- EXERCISE GOAL:
The answer should be an exact repeat of the stretch of material below from the line containing "Definition laM (r" through the line containing "sa_actM : forall".

- SOURCE RECORDS:
##########
(* Let $\theta\in\mathbb{R}$, $q=e^{2\pi i\theta}$, let $A_\theta$ be the unital $\mathbb{C}$-algebra generated by invertible $U,V$ with $UV=qVU$, and let $R=\mathbb{C}[U,U^{-1}]\subset A_\theta$ with $\mathfrak s=\mathfrak t:R\to A_\theta$ the inclusion. Define $\Delta(U^nV^m)=U^nV^m\otimes_R V^m$ and $\varepsilon(U^nV^m)=U^n$ (extended linearly). Then: (1) $(A_\theta,\mathfrak s,\mathfrak t,\Delta,\varepsilon)$ is a left $\times_R$-Hopf algebra, i.e. a left $R$-bialgebroid for which $\nu:A_\theta\otimes_{R^{op}}A_\theta\to A_\theta\otimes_R A_\theta$, $k\otimes k'\mapsto k_{(1)}\otimes_R k_{(2)}k'$, is bijective; (2) the map $\delta:A_\theta\to R$, $\delta(U^nV^m)=q^{nm}U^n$, is a right character; (3) $R$ with the right action $U^k\triangleleft U^nV^m=q^{(k+n)m}U^{k+n}$ and the coaction $U^n\mapsto U^n\otimes_R1$ is a right-left SAYD module ${}^1R_\delta$ over $A_\theta$.
   Context: A left $R$-bialgebroid is a $\mathbb{C}$-algebra $\mathcal K$ with algebra maps $\mathfrak s:R\to\mathcal K$, $\mathfrak t:R^{op}\to\mathcal K$ with commuting ranges, $R$-bimodule structure $r_1\cdot k\cdot r_2=\mathfrak s(r_1)\mathfrak t(r_2)k$, and $R$-bimodule maps $\Delta(k)=k_{(1)}\otimes_R k_{(2)}$, $\varepsilon:\mathcal K\to R$ forming a coassociative counital $R$-coring, with $k_{(1)}\mathfrak t(r)\otimes_R k_{(2)}=k_{(1)}\otimes_R k_{(2)}\mathfrak s(r)$, $\Delta(1)=1\otimes_R1$, $\Delta(kk')=k_{(1)}k'_{(1)}\otimes_R k_{(2)}k'_{(2)}$, $\varepsilon(1)=1_R$, $\varepsilon(kk')=\varepsilon(k\mathfrak s(\varepsilon(k')))$. It is a left $\times_R$-Hopf algebra if $\nu$ (domain balanced by $k\mathfrak t(r)\otimes k'=k\otimes\mathfrak t(r)k'$) is bijective; write $\nu^{-1}(k\otimes_R1)=k^-\otimes_{R^{op}}k^+$. A right character is a map $\delta:\mathcal K\to R$ with $\delta(k\mathfrak s(r))=\delta(k)r$, $\delta(k_1k_2)=\delta(\mathfrak s(\delta(k_1))k_2)$, $\delta(1)=1_R$. A right-left SAYD module over $\mathcal K$: a right $\mathcal K$-module and left $\mathcal K$-comodule $M$ (coaction $m\mapsto m_{(-1)}\otimes_R m_{(0)}$, left $R$-linear, coassociative, counital) with left $R$-action $r\cdot m=m\mathfrak t(r)$ and $\varepsilon(m_{(-1)}\mathfrak s(r))\cdot m_{(0)}=m\mathfrak s(r)$, satisfying $(mk)_{(-1)}\otimes_R(mk)_{(0)}=k_{(2)}{}^{+}m_{(-1)}k_{(1)}\otimes_R m_{(0)}k_{(2)}{}^{-}$ and $m_{(0)}m_{(-1)}=m$. *)

From HB Require Import structures.
From mathcomp Require Import all_boot all_order all_algebra.
Set Implicit Arguments.
Unset Strict Implicit.
Unset Printing Implicit Defensive.
Import Order.TTheory GRing.Theory Num.Theory.
Local Open Scope ring_scope.

(* Balanced tensor products, represented by finite formal sums of pairs.    *)
(* Two formal sums w1, w2 : seq (X * Y) denote the same element of the      *)
(* tensor product  X (x)_R Y  (X a right R-module via ra, Y a left          *)
(* R-module via la, everything K-linear) iff every K-bilinear R-balanced    *)
(* K-valued form takes the same value on them (linear forms separate the    *)
(* points of the K-vector space X (x)_R Y).                                  *)
Section Tensor.
Variables (K : fieldType) (X Y : lmodType K) (R : Type).
Variables (ra : X -> R -> X) (la : R -> Y -> Y).

Definition bal2 (f : X -> Y -> K) : Prop :=
  [/\ forall y a x1 x2, f (a *: x1 + x2) y = a * f x1 y + f x2 y,
      forall x a y1 y2, f x (a *: y1 + y2) = a * f x y1 + f x y2 &
      forall x r y, f (ra x r) y = f x (la r y)].

Definition teval (f : X -> Y -> K) (w : seq (X * Y)) : K :=
  \sum_(p <- w) f p.1 p.2.

Definition teq (w1 w2 : seq (X * Y)) : Prop :=
  forall f, bal2 f -> teval f w1 = teval f w2.

Definition tscale (a : K) (w : seq (X * Y)) : seq (X * Y) :=
  [seq (a *: p.1, p.2) | p <- w].
End Tensor.

Section Tensor3.
Variables (K : fieldType) (X Y Z : lmodType K) (R : Type).
Variables (ra1 : X -> R -> X) (la1 : R -> Y -> Y).
Variables (ra2 : Y -> R -> Y) (la2 : R -> Z -> Z).

Definition bal3 (f : X -> Y -> Z -> K) : Prop :=
  [/\ forall y z a x1 x2, f (a *: x1 + x2) y z = a * f x1 y z + f x2 y z,
      forall x z a y1 y2, f x (a *: y1 + y2) z = a * f x y1 z + f x y2 z,
      forall x y a z1 z2, f x y (a *: z1 + z2) = a * f x y z1 + f x y z2,
      forall x r y z, f (ra1 x r) y z = f x (la1 r y) z &
      forall x y r z, f x (ra2 y r) z = f x y (la2 r z)].
End Tensor3.

Definition is_basis (K : fieldType) (V : lmodType K) (I : eqType)
    (b : I -> V) : Prop :=
  (forall v : V, exists (S : seq I) (c : I -> K), v = \sum_(i <- S) c i *: b i)
  /\ (forall (S : seq I) (c : I -> K), uniq S ->
        \sum_(i <- S) c i *: b i = 0 -> forall i, i \in S -> c i = 0).

Definition klinear (K : fieldType) (V W : lmodType K) (f : V -> W) : Prop :=
  forall a x y, f (a *: x + y) = a *: f x + f y.

Definition kbilinear (K : fieldType) (V W Z : lmodType K)
    (f : V -> W -> Z) : Prop :=
  (forall w a x y, f (a *: x + y) w = a *: f x w + f y w) /\
  (forall v a x y, f v (a *: x + y) = a *: f v x + f v y).

Section Bialgebroid.
Variables (K : fieldType) (R A : algType K).
Variables (s t : R -> A) (Dl : A -> seq (A * A)) (eps : A -> R).

(* A (x)_R A : right R-action on the first factor k.r = t(r) k,
   left R-action on the second factor r.k = s(r) k. *)
Definition raR (k : A) (r : R) : A := t r * k.
Definition laR (r : R) (k : A) : A := s r * k.
Definition teqR := @teq K A A R raR laR.

Definition raRop (k : A) (r : R) : A := k * t r.
Definition laRop (r : R) (k : A) : A := t r * k.
Definition teqRop := @teq K A A R raRop laRop.

Definition bal3R := @bal3 K A A A R raR laR raR laR.

Definition is_algmap (f : R -> A) : Prop :=
  [/\ klinear f, forall x y, f (x * y) = f x * f y & f 1 = 1].

Definition is_antialgmap (f : R -> A) : Prop :=
  [/\ klinear f, forall x y, f (x * y) = f y * f x & f 1 = 1].

Record left_bialgebroid : Prop := {
  lb_s : is_algmap s;
  lb_t : is_antialgmap t;
  lb_comm : forall r r', s r * t r' = t r' * s r;
  lb_D_lin : forall a k k', teqR (Dl (a *: k + k')) (tscale a (Dl k) ++ Dl k');
  lb_D_bimod : forall r1 r2 k,
    teqR (Dl (s r1 * t r2 * k)) [seq (s r1 * p.1, t r2 * p.2) | p <- Dl k];
  lb_e_lin : klinear eps;
  lb_e_bimod : forall r1 r2 k, eps (s r1 * t r2 * k) = r1 * eps k * r2;
  lb_coassoc : forall k f, bal3R f ->
    \sum_(p <- Dl k) \sum_(p' <- Dl p.1) f p'.1 p'.2 p.2 =
    \sum_(p <- Dl k) \sum_(p' <- Dl p.2) f p.1 p'.1 p'.2;
  lb_counit_l : forall k, \sum_(p <- Dl k) s (eps p.1) * p.2 = k;
  lb_counit_r : forall k, \sum_(p <- Dl k) t (eps p.2) * p.1 = k;
  lb_takeuchi : forall k r,
    teqR [seq (p.1 * t r, p.2) | p <- Dl k] [seq (p.1, p.2 * s r) | p <- Dl k];
  lb_D1 : teqR (Dl 1) [:: (1, 1)];
  lb_Dmul : forall k k',
    teqR (Dl (k * k')) [seq (p.1 * p'.1, p.2 * p'.2) | p <- Dl k, p' <- Dl k'];
  lb_e1 : eps 1 = 1;
  lb_emul : forall k k', eps (k * k') = eps (k * s (eps k'))
}.

Definition nu (w : seq (A * A)) : seq (A * A) :=
  [seq (p'.1, p'.2 * p.2) | p <- w, p' <- Dl p.1].

Definition nu_bijective : Prop :=
  [/\ (forall w w', teqRop w w' -> teqR (nu w) (nu w')),
      (forall w w', teqR (nu w) (nu w') -> teqRop w w') &
      (forall z, exists w, teqR (nu w) z)].

Definition left_xR_Hopf : Prop := left_bialgebroid /\ nu_bijective.

Record right_character (d : A -> R) : Prop := {
  rc_s : forall k r, d (k * s r) = d k * r;
  rc_mul : forall k1 k2, d (k1 * k2) = d (s (d k1) * k2);
  rc_1 : d 1 = 1
}.

Section SAYD.
Variables (M : lmodType K) (act : M -> A -> M) (rho : M -> seq (A * M)).

Definition laM (r : R) (m : M) : M := act m (t r).
Definition teqM := @teq K A M R raR laM.
Definition bal3M := @bal3 K A A M R raR laR raR laM.

Record SAYD : Prop := {
  sa_act_bilin : kbilinear act;
  sa_act1 : forall m, act m 1 = m;
  sa_actM : forall m k k', act (act m k) k' = act m (k * k');
  sa_rho_lin : forall a m m', teqM (rho (a *: m + m')) (tscale a (rho m) ++ rho m');
  sa_rho_Rlin : forall r m, teqM (rho (laM r m)) [seq (s r * p.1, p.2) | p <- rho m];
  sa_coassoc : forall m f, bal3M f ->
    \sum_(p <- rho m) \sum_(p' <- Dl p.1) f p'.1 p'.2 p.2 =
    \sum_(p <- rho m) \sum_(p' <- rho p.2) f p.1 p'.1 p'.2;
  sa_counit : forall m, \sum_(p <- rho m) laM (eps p.1) p.2 = m;
  sa_eps : forall m r, \sum_(p <- rho m) laM (eps (p.1 * s r)) p.2 = act m (s r);
  (* anti Yetter-Drinfeld condition, with k^- (x) k^+ = nu^{-1}(k (x) 1) *)
  sa_AYD : forall nuinv : A -> seq (A * A),
    (forall k, teqR (nu (nuinv k)) [:: (k, 1)]) ->
    forall m k,
      teqM (rho (act m k))
        (flatten [seq [seq (p2.2 * pm.1 * p.1, act pm.2 p2.1)
                         | p2 <- nuinv p.2, pm <- rho m] | p <- Dl k]);
  sa_stable : forall m, \sum_(p <- rho m) act p.2 p.1 = m
}.
End SAYD.
End Bialgebroid.

(* Every identity to be proved is either an equation between K-linear maps
   on A or R, or an equality in a balanced tensor product, i.e. an equality
   of the values of every balanced K-valued form; in each case it suffices to
   check it on the monomial bases U^n V^m of A and u^c of R, using only the
   commutation rule V^m U^a = q^(-ma) U^a V^m. *)
From HB Require Import structures.
From mathcomp Require Import all_boot all_order all_algebra.
From mathcomp Require Import ring.
From Stdlib Require Import ClassicalEpsilon.
Import GRing.Theory.
Set Implicit Arguments.
Unset Strict Implicit.
Unset Printing Implicit Defensive.
Local Open Scope ring_scope.

Section LinearMaps.
Variables (K : fieldType) (V W Z : lmodType K).

Lemma klin0 (f : V -> W) : klinear f -> f 0 = 0.
Proof.
move=> hf; have := hf 1 0 0; rewrite scale1r addr0 scale1r => e.
by apply: (addrI (f 0)); rewrite addr0 -e.
Qed.

Lemma klinD (f : V -> W) : klinear f -> forall x y, f (x + y) = f x + f y.
Proof. by move=> hf x y; have := hf 1 x y; rewrite !scale1r. Qed.

Lemma klinZ (f : V -> W) : klinear f -> forall a x, f (a *: x) = a *: f x.
Proof. by move=> hf a x; rewrite -[a *: x]addr0 hf klin0 // addr0. Qed.

Lemma klin_sum (f : V -> W) : klinear f ->
  forall (I : Type) (r : seq I) (F : I -> V),
  f (\sum_(i <- r) F i) = \sum_(i <- r) f (F i).
Proof.
move=> hf I r F; elim: r => [|x r IH]; first by rewrite !big_nil klin0.
by rewrite !big_cons klinD // IH.
Qed.

Lemma klin_comp (f : W -> Z) (h : V -> W) :
  klinear f -> klinear h -> klinear (fun x => f (h x)).
Proof. by move=> hf hh a x y; rewrite hh hf. Qed.
End LinearMaps.

Definition linform (K : fieldType) (V : lmodType K) (f : V -> K) : Prop :=
  forall a x y, f (a *: x + y) = a * f x + f y.

Section LinearForms.
Variables (K : fieldType) (V W : lmodType K).
Implicit Types f g : V -> K.

Lemma linformD f : linform f -> forall x y, f (x + y) = f x + f y.
Proof. move=> h; exact: (@klinD K V K^o f h). Qed.
Lemma linformZ f : linform f -> forall a x, f (a *: x) = a * f x.
Proof. move=> h; exact: (@klinZ K V K^o f h). Qed.
Lemma linformN f : linform f -> forall x, f (- x) = - f x.
Proof. by move=> h x; rewrite -scaleN1r linformZ // mulN1r. Qed.
Lemma linform_sum f : linform f -> forall (I : Type) (r : seq I) (F : I -> V),
  f (\sum_(i <- r) F i) = \sum_(i <- r) f (F i).
Proof. move=> h; exact: (@klin_sum K V K^o f h). Qed.

Lemma linform_comp (f : W -> K) (h : V -> W) :
  linform f -> klinear h -> linform (fun x => f (h x)).
Proof. by move=> hf hh a x y; rewrite hh hf. Qed.

Lemma linform_add f g : linform f -> linform g -> linform (fun x => f x + g x).
Proof. by move=> hf hg a x y; rewrite hf hg mulrDr addrACA. Qed.

Lemma linform_scale f c : linform f -> linform (fun x => c * f x).
Proof. by move=> hf a x y; rewrite hf mulrDr !mulrA [c * a]mulrC. Qed.
End LinearForms.

Section Basis.
Variables (K : fieldType) (V : lmodType K) (I : eqType) (b : I -> V).

Section Span.
Hypothesis hspan : forall v : V,
  exists (S : seq I) (c : I -> K), v = \sum_(i <- S) c i *: b i.

Lemma ext_on_span (W : lmodType K) (f1 f2 : V -> W) : klinear f1 -> klinear f2 ->
  (forall i, f1 (b i) = f2 (b i)) -> forall v, f1 v = f2 v.
Proof.
move=> h1 h2 hb v; have [S [c ->]] := hspan v.
by rewrite !klin_sum //; apply: eq_bigr => i _; rewrite !klinZ // hb.
Qed.

Lemma ext_on_spanK (f1 f2 : V -> K) : linform f1 -> linform f2 ->
  (forall i, f1 (b i) = f2 (b i)) -> forall v, f1 v = f2 v.
Proof. exact: (@ext_on_span K^o). Qed.
End Span.

Lemma sum_widen (W : zmodType) (S T : seq I) (G : I -> W) : uniq S -> uniq T ->
  {subset S <= T} ->
  \sum_(i <- S) G i = \sum_(i <- T) (if i \in S then G i else 0).
Proof.
move=> uS uT sST; rewrite -big_mkcond /= -[in RHS]big_filter.
apply: perm_big; apply: uniq_perm => //; first exact: filter_uniq.
by move=> i; rewrite mem_filter; case iS: (i \in S) => //=; rewrite sST.
Qed.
##########
- YOUR SOLUTION:
Definition laM (r : R) (m : M) : M := act m (t r).
Definition teqM := @teq K A M R raR laM.
Definition bal3M := @bal3 K A A M R raR laR raR laM.

Record SAYD : Prop := {
  sa_act_bilin : kbilinear act;
  sa_act1 : forall m, act m 1 = m;
  sa_actM : forall m k k', act (act m k) k' = act m (k * k');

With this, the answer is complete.